(* Let $\{\mathcal G,(\Gamma_0,\Gamma_1),(\widetilde\Gamma_0,\widetilde\Gamma_1)\}$ be a triple for the adjoint pair $\{S,\widetilde S\}$ such that $\rho(A_0)$ and $\rho(\widetilde A_0)$ are nonempty, and let $M,\widetilde M$ be the associated Weyl functions. Let $B_1,B_2,\widetilde B_1,\widetilde B_2$ be linear operators in $\mathcal G$. Then for all $\lambda\in\rho(A_0)$ and $\mu\in\rho(\widetilde A_0)$: (i) $\lambda\in\sigma_p(A_{B_1B_2})$ if and only if $\ker(I-B_2M(\lambda)B_1)\neq\{0\}$, and in this case $\ker(A_{B_1B_2}-\lambda)=\{f_\lambda\in\ker(T-\lambda):\Gamma_0f_\lambda=B_1\varphi \text{ for some }\varphi\in\ker(I-B_2M(\lambda)B_1)\}$; (ii) $\mu\in\sigma_p(\widetilde A_{\widetilde B_1\widetilde B_2})$ if and only if $\ker(I-\widetilde B_2\widetilde M(\mu)\widetilde B_1)\neq\{0\}$, and in this case $\ker(\widetilde A_{\widetilde B_1\widetilde B_2}-\mu)=\{g_\mu\in\ker(\widetilde T-\mu):\widetilde\Gamma_0g_\mu=\widetilde B_1\psi\text{ for some }\psi\in\ker(I-\widetilde B_2\widetilde M(\mu)\widetilde B_1)\}$.
   Context: Let $\mathfrak H$ be a separable Hilbert space. An adjoint pair $\{S,\widetilde S\}$ consists of densely defined closed operators $S,\widetilde S$ in $\mathfrak H$ with $(Sf,g)=(f,\widetilde Sg)$ for all $f\in\operatorname{dom}S$, $g\in\operatorname{dom}\widetilde S$. Fix operators $T\subset S^*$ and $\widetilde T\subset\widetilde S^*$ which are cores, i.e. $\overline T=S^*$ and $\overline{\widetilde T}=\widetilde S^*$. A triple $\{\mathcal G,(\Gamma_0,\Gamma_1),(\widetilde\Gamma_0,\widetilde\Gamma_1)\}$ for $\{S,\widetilde S\}$ consists of a Hilbert space $\mathcal G$ and linear maps $\Gamma_0,\Gamma_1:\operatorname{dom}T\to\mathcal G$, $\widetilde\Gamma_0,\widetilde\Gamma_1:\operatorname{dom}\widetilde T\to\mathcal G$. Put $A_0:=T\upharpoonright\ker\Gamma_0$ and $\widetilde A_0:=\widetilde T\upharpoonright\ker\widetilde\Gamma_0$. For $\lambda\in\rho(A_0)$ one has $\operatorname{dom}T=\ker\Gamma_0\dotplus\ker(T-\lambda)$, so $\Gamma_0\upharpoonright\ker(T-\lambda)$ is injective; similarly for $\widetilde T$. The $\gamma$-fields are $\gamma(\lambda):=(\Gamma_0\upharpoonright\ker(T-\lambda))^{-1}$, $\widetilde\gamma(\mu):=(\widetilde\Gamma_0\upharpoonright\ker(\widetilde T-\mu))^{-1}$; the Weyl functions are $M(\lambda):=\Gamma_1\gamma(\lambda)$, $\lambda\in\rho(A_0)$, and $\widetilde M(\mu):=\widetilde\Gamma_1\widetilde\gamma(\mu)$, $\mu\in\rho(\widetilde A_0)$. Products of (possibly unbounded, non-densely defined) operators have their natural domains, e.g. $\operatorname{dom}(B_1B_2)=\{\varphi\in\operatorname{dom}B_2:B_2\varphi\in\operatorname{dom}B_1\}$. Define $A_{B_1B_2}f:=Tf$ on $\operatorname{dom}A_{B_1B_2}:=\{f\in\operatorname{dom}T:\Gamma_1f\in\operatorname{dom}(B_1B_2),\ B_1B_2\Gamma_1f=\Gamma_0f\}$ and $\widetilde A_{\widetilde B_1\widetilde B_2}g:=\widetilde Tg$ on $\operatorname{dom}\widetilde A_{\widetilde B_1\widetilde B_2}:=\{g\in\operatorname{dom}\widetilde T:\widetilde\Gamma_1g\in\operatorname{dom}(\widetilde B_1\widetilde B_2),\ \widetilde B_1\widetilde B_2\widetilde\Gamma_1g=\widetilde\Gamma_0g\}$. $\sigma_p$ denotes the set of eigenvalues. *)

(* Complex scalars are R[i] (complex numbers over a
   real type R); Hilbert spaces are complete normed R[i]-modules whose norm
   comes from an inner product (linear in the first argument). *)
From mathcomp Require Import all_boot all_order all_algebra.
From mathcomp Require Import all_classical all_reals all_analysis.
From mathcomp Require Import complex.
Set Implicit Arguments.
Unset Strict Implicit.
Unset Printing Implicit Defensive.
Import Order.TTheory GRing.Theory Num.Theory.
Local Open Scope classical_set_scope.
Local Open Scope ring_scope.

Section Defs.
Variable R : realType.
Notation C := (R[i]).

(* [ip] is an inner product inducing the norm of [H] (H is complete by its
   structure [completeNormedModType]). *)
Definition is_inner_product (H : normedModType C) (ip : H -> H -> C) : Prop :=
  [/\ forall (a : C) (x y z : H), ip (a *: x + y) z = a * ip x z + ip y z,
      forall x y : H, ip y x = (ip x y)^* &
      forall x : H, ip x x = `|x| ^+ 2].

Definition is_hilbert (H : completeNormedModType C) (ip : H -> H -> C) : Prop :=
  is_inner_product ip.

Definition separable (H : normedModType C) : Prop :=
  exists D : set H, countable D /\ closure D = setT.

(* An operator from U to V: a domain and an action (values off the domain are
   irrelevant). *)
Record op (U V : Type) := Op { dom : set U ; act : U -> V }.

Definition subspace (U : lmodType C) (D : set U) : Prop :=
  D 0 /\ forall (a : C) x y, D x -> D y -> D (a *: x + y).

Definition linear_on (U V : lmodType C) (D : set U) (f : U -> V) : Prop :=
  forall (a : C) x y, D x -> D y -> f (a *: x + y) = a *: f x + f y.

Definition linear_op (U V : lmodType C) (A : op U V) : Prop :=
  subspace (dom A) /\ linear_on (dom A) (act A).

Definition graph (U V : Type) (A : op U V) : set (U * V) :=
  [set p | dom A p.1 /\ p.2 = act A p.1].

Definition densely_defined (H : normedModType C) (A : op H H) : Prop :=
  closure (dom A) = setT.

Definition closed_op (H : normedModType C) (A : op H H) : Prop :=
  closed (graph A).

Definition adjoint_graph (H : normedModType C) (ip : H -> H -> C) (S : op H H)
  : set (H * H) :=
  [set p | forall f, dom S f -> ip (act S f) p.1 = ip f p.2].

Definition adjoint_pair (H : normedModType C) (ip : H -> H -> C) (S St : op H H)
  : Prop :=
  [/\ linear_op S /\ linear_op St, densely_defined S /\ densely_defined St,
      closed_op S /\ closed_op St &
      forall f g, dom S f -> dom St g -> ip (act S f) g = ip f (act St g)].

Definition core_of_adjoint (H : normedModType C) (ip : H -> H -> C)
  (S T : op H H) : Prop :=
  [/\ linear_op T, graph T `<=` adjoint_graph ip S &
      closure (graph T) = adjoint_graph ip S].

Definition restrict (U V : Type) (A : op U V) (D : set U) : op U V :=
  Op (dom A `&` D) (act A).

Definition kerf (U V : lmodType C) (f : U -> V) : set U := [set x | f x = 0].

Definition opmul (U V W : Type) (B1 : op V W) (B2 : op U V) : op U W :=
  Op [set x | dom B2 x /\ dom B1 (act B2 x)] (fun x => act B1 (act B2 x)).

Definition ker_minus (U : lmodType C) (A : op U U) (l : C) : set U :=
  [set f | dom A f /\ act A f = l *: f].

Definition ker_I_minus (U : lmodType C) (B : op U U) : set U :=
  [set x | dom B x /\ x - act B x = 0].

Definition point_spectrum (U : lmodType C) (A : op U U) : set C :=
  [set l | exists f, f <> 0 /\ ker_minus A l f].

Definition resolvent (H : normedModType C) (A : op H H) : set C :=
  [set l | (forall g : H, exists! f, dom A f /\ act A f - l *: f = g) /\
           exists c : C, 0 <= c /\
             forall f, dom A f -> `|f| <= c * `|act A f - l *: f| ].

Definition A0_of (H G : lmodType C) (T : op H H) (Gam0 : H -> G) : op H H :=
  restrict T (kerf Gam0).

(* gamma(lambda) = (Gamma_0 restricted to ker (T - lambda))^{-1} *)
Definition gamma_field (H : normedModType C) (G : lmodType C) (T : op H H)
  (Gam0 : H -> G) (l : C) : op G H :=
  Op (Gam0 @` ker_minus T l)
     (fun phi => xget 0 [set f | ker_minus T l f /\ Gam0 f = phi]).

Definition weyl (H : normedModType C) (G : lmodType C) (T : op H H)
  (Gam0 Gam1 : H -> G) (l : C) : op G G :=
  Op (dom (gamma_field T Gam0 l)) (fun phi => Gam1 (act (gamma_field T Gam0 l) phi)).

Definition A_B (H G : lmodType C) (T : op H H) (Gam0 Gam1 : H -> G)
  (B1 B2 : op G G) : op H H :=
  Op [set f | dom T f /\ dom (opmul B1 B2) (Gam1 f) /\
              act (opmul B1 B2) (Gam1 f) = Gam0 f]
     (act T).

Definition triple (H G : lmodType C) (T Tt : op H H)
  (Gam0 Gam1 Gamt0 Gamt1 : H -> G) : Prop :=
  [/\ linear_on (dom T) Gam0, linear_on (dom T) Gam1,
      linear_on (dom Tt) Gamt0 & linear_on (dom Tt) Gamt1].

End Defs.

(* For [l] in the resolvent set of [A_0], every element of [dom T] splits
   uniquely as [ker Gamma_0 + ker (T - l)], so [Gamma_0] is injective on
   [ker (T - l)] and [M(l)] maps [Gamma_0 f] to [Gamma_1 f] for every
   [f] in [ker (T - l)].  An eigenvector [f] of [A_{B1 B2}] for [l] is then
   the same thing as an [f] in [ker (T - l)] with [Gamma_0 f = B1 phi], where
   [phi := B2 Gamma_1 f] satisfies [phi = B2 M(l) B1 phi]; conversely such a
   [phi] is nonzero iff the corresponding [f] is, because [Gamma_0] is
   injective there. *)
From Pilot Require Import Defs.
From mathcomp Require Import all_boot all_order all_algebra.
From mathcomp Require Import all_classical all_reals all_analysis.
From mathcomp Require Import complex.
Set Implicit Arguments.
Unset Strict Implicit.
Unset Printing Implicit Defensive.
Import Order.TTheory GRing.Theory Num.Theory.
Local Open Scope classical_set_scope.
Local Open Scope ring_scope.

Section LinearOn.
Variable R : realType.
Variables U V : lmodType R[i].

Lemma linear_on0 (D : set U) (f : U -> V) : linear_on D f -> D 0 -> f 0 = 0.
Proof.
move=> lin_f D0; have := lin_f 1 0 0 D0 D0.
rewrite scaler0 add0r scale1r => f0_eq.
by apply/(addrI (f 0)); rewrite addr0.
Qed.

Lemma linear_onB (D : set U) (f : U -> V) x y :
  linear_on D f -> D x -> D y -> f (x - y) = f x - f y.
Proof.
move=> lin_f Dx Dy; have := lin_f (-1) y x Dy Dx.
by rewrite !scaleN1r addrC [- f y + _]addrC.
Qed.

Lemma subspaceB (D : set U) x y : Defs.subspace D -> D x -> D y -> D (x - y).
Proof.
by move=> [_ closedD] Dx Dy; have := closedD (-1) y x Dy Dx; rewrite scaleN1r addrC.
Qed.

Lemma linear_op0 (A : op U V) : linear_op A -> dom A 0 /\ act A 0 = 0.
Proof. by move=> [[D0 _] lin_A]; split => //; exact: linear_on0 lin_A D0. Qed.

End LinearOn.

Lemma resolvent_uniq (R : realType) (H : normedModType R[i]) (A : op H H)
    (l : R[i]) f g :
  resolvent A l ->
  dom A f -> act A f - l *: f = 0 -> dom A g -> act A g - l *: g = 0 -> f = g.
Proof.
by move=> [/(_ 0) [h [_ uniq_h]] _] Df Af Dg Ag; rewrite -(uniq_h f) ?(uniq_h g).
Qed.

Section WeylFunction.
Variable R : realType.
Variables (H : normedModType R[i]) (G : lmodType R[i]).
Variables (T : op H H) (Gam0 Gam1 : H -> G) (l : R[i]).
Hypotheses (linT : linear_op T) (linGam0 : linear_on (dom T) Gam0)
  (l_resolvent : resolvent (A0_of T Gam0) l).

Lemma ker_minus0 : ker_minus T l 0.
Proof. by have [D0 A0] := linear_op0 linT; split; rewrite // A0 scaler0. Qed.

Lemma Gam0_0 : Gam0 0 = 0.
Proof. exact: linear_on0 linGam0 (linear_op0 linT).1. Qed.

Lemma Gam0_inj_ker_minus f g :
  ker_minus T l f -> ker_minus T l g -> Gam0 f = Gam0 g -> f = g.
Proof.
move=> [Df Tf] [Dg Tg] eq_Gam0.
have Dfg : dom T (f - g) by apply: subspaceB => //; case: linT.
have A0fg : dom (A0_of T Gam0) (f - g).
  by split => //; rewrite /kerf /= (linear_onB linGam0 Df Dg) eq_Gam0 subrr.
have A00 : dom (A0_of T Gam0) 0.
  by split; [exact: (linear_op0 linT).1 | exact: Gam0_0].
apply/subr0_eq/(resolvent_uniq l_resolvent A0fg _ A00) => /=.
- by rewrite (linear_onB linT.2 Df Dg) Tf Tg scalerBr subrr.
- by rewrite (linear_op0 linT).2 scaler0 subrr.
Qed.

Lemma weyl_Gam0 f : ker_minus T l f ->
  dom (weyl T Gam0 Gam1 l) (Gam0 f) /\ act (weyl T Gam0 Gam1 l) (Gam0 f) = Gam1 f.
Proof.
move=> kf; split; first by exists f.
set P := [set g | ker_minus T l g /\ Gam0 g = Gam0 f].
have [kg Gam0g] : P (xget 0 P) by apply: xgetPex; exists f.
by rewrite /= (Gam0_inj_ker_minus kg kf Gam0g).
Qed.

Hypothesis linGam1 : linear_on (dom T) Gam1.

Lemma weyl_0 : dom (weyl T Gam0 Gam1 l) 0 /\ act (weyl T Gam0 Gam1 l) 0 = 0.
Proof.
have := weyl_Gam0 ker_minus0.
by rewrite Gam0_0 (linear_on0 linGam1 (linear_op0 linT).1).
Qed.

Variables B1 B2 : op G G.

Let K := ker_I_minus (opmul B2 (opmul (weyl T Gam0 Gam1 l) B1)).
Let AB := A_B T Gam0 Gam1 B1 B2.

Lemma ker_minus_A_B : ker_minus AB l =
  [set f | ker_minus T l f /\ exists phi, K phi /\ Gam0 f = act B1 phi].
Proof.
apply/seteqP; split => f /=.
- move=> [[Df [[dB2 dB1] /= eq_Gam0]] Tf].
  have [dM actM] := weyl_Gam0 (conj Df Tf).
  split => //; exists (act B2 (Gam1 f)); split => //.
  rewrite /K /ker_I_minus /opmul; cbn -[weyl].
  by rewrite eq_Gam0 actM subrr.
- move=> [kf [phi [[[[dB1 dM] dB2] fixed_phi] eq_Gam0]]].
  have [_ actM] := weyl_Gam0 kf.
  move: dB2 fixed_phi; cbn -[weyl]; rewrite -eq_Gam0 actM => dB2 /subr0_eq eq_phi.
  by case: kf => Df Tf; split => //; split => //=; rewrite -eq_phi.
Qed.

Hypotheses (linB1 : linear_op B1) (linB2 : linear_op B2).

Lemma ker_I_minus0 : K 0.
Proof.
have [dB1 B1_0] := linear_op0 linB1; have [dB2 B2_0] := linear_op0 linB2.
have [dM M0] := weyl_0.
rewrite /K /ker_I_minus /opmul; cbn -[weyl].
by rewrite B1_0 M0 B2_0 subrr; split; first split.
Qed.

Lemma point_spectrum_A_B : point_spectrum AB l <-> K <> [set 0].
Proof.
split.
- move=> [f [f_neq0]]; rewrite ker_minus_A_B => -[kf [phi [Kphi eq_Gam0]]] K_eq0.
  have phi0 : phi = 0 by rewrite K_eq0 in Kphi.
  apply: f_neq0; apply: Gam0_inj_ker_minus kf ker_minus0 _.
  by rewrite eq_Gam0 phi0 (linear_op0 linB1).2 Gam0_0.
- move=> K_neq0.
  have [phi Kphi phi_neq0] : exists2 phi, K phi & phi <> 0.
    apply: contra_notP K_neq0 => no_phi; apply/seteqP; split => x /=.
    + by move=> Kx; apply: contra_notP no_phi => x_neq0; exists x.
    + by move=> ->; exact: ker_I_minus0.
  have [[[_ [f kf eq_Gam0]] _] fixed_phi] := Kphi.
  exists f; split; last by rewrite ker_minus_A_B; split => //; exists phi.
  move=> f0; apply: phi_neq0; move: fixed_phi.
  cbn -[weyl]; rewrite -eq_Gam0 f0 Gam0_0 weyl_0.2 (linear_op0 linB2).2.
  by rewrite subr0.
Qed.

End WeylFunction.

Theorem theorem4p2 (R : realType)
  (H : completeNormedModType R[i]) (ipH : H -> H -> R[i])
  (G : completeNormedModType R[i]) (ipG : G -> G -> R[i])
  (S St T Tt : op H H) (Gam0 Gam1 Gamt0 Gamt1 : H -> G)
  (B1 B2 Bt1 Bt2 : op G G) :
  is_hilbert ipH -> separable H -> is_hilbert ipG ->
  adjoint_pair ipH S St ->
  core_of_adjoint ipH S T -> core_of_adjoint ipH St Tt ->
  triple T Tt Gam0 Gam1 Gamt0 Gamt1 ->
  resolvent (A0_of T Gam0) !=set0 ->
  resolvent (A0_of Tt Gamt0) !=set0 ->
  linear_op B1 -> linear_op B2 -> linear_op Bt1 -> linear_op Bt2 ->
  forall (l mu : R[i]),
  resolvent (A0_of T Gam0) l -> resolvent (A0_of Tt Gamt0) mu ->
  (* (i) *)
  ((point_spectrum (A_B T Gam0 Gam1 B1 B2) l <->
      ker_I_minus (opmul B2 (opmul (weyl T Gam0 Gam1 l) B1)) <> [set 0])
   /\ (point_spectrum (A_B T Gam0 Gam1 B1 B2) l ->
      ker_minus (A_B T Gam0 Gam1 B1 B2) l =
      [set f | ker_minus T l f /\
               exists phi, ker_I_minus (opmul B2 (opmul (weyl T Gam0 Gam1 l) B1)) phi
                           /\ Gam0 f = act B1 phi]))
  /\
  (* (ii) *)
  ((point_spectrum (A_B Tt Gamt0 Gamt1 Bt1 Bt2) mu <->
      ker_I_minus (opmul Bt2 (opmul (weyl Tt Gamt0 Gamt1 mu) Bt1)) <> [set 0])
   /\ (point_spectrum (A_B Tt Gamt0 Gamt1 Bt1 Bt2) mu ->
      ker_minus (A_B Tt Gamt0 Gamt1 Bt1 Bt2) mu =
      [set g | ker_minus Tt mu g /\
               exists psi, ker_I_minus (opmul Bt2 (opmul (weyl Tt Gamt0 Gamt1 mu) Bt1)) psi
                           /\ Gamt0 g = act Bt1 psi])).
Proof.
move=> _ _ _ _ [linT _ _] [linTt _ _] [lin0 lin1 lint0 lint1] _ _
  linB1 linB2 linBt1 linBt2 l mu l_res mu_res.
split; split.
- exact: point_spectrum_A_B.
- by move=> _; apply: ker_minus_A_B.
- exact: point_spectrum_A_B.
- by move=> _; apply: ker_minus_A_B.
Qed.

= = =

Exercise requirements - Only lines with the word "linT" count here; copy every one from the records.

Worked solution -
Hypotheses (linT : linear_op T) (linGam0 : linear_on (dom T) Gam0)
Proof. by have [D0 A0] := linear_op0 linT; split; rewrite // A0 scaler0. Qed.
Proof. exact: linear_on0 linGam0 (linear_op0 linT).1. Qed.
have Dfg : dom T (f - g) by apply: subspaceB => //; case: linT.
  by split; [exact: (linear_op0 linT).1 | exact: Gam0_0].
- by rewrite (linear_onB linT.2 Df Dg) Tf Tg scalerBr subrr.
- by rewrite (linear_op0 linT).2 scaler0 subrr.
by rewrite Gam0_0 (linear_on0 linGam1 (linear_op0 linT).1).
move=> _ _ _ _ [linT _ _] [linTt _ _] [lin0 lin1 lint0 lint1] _ _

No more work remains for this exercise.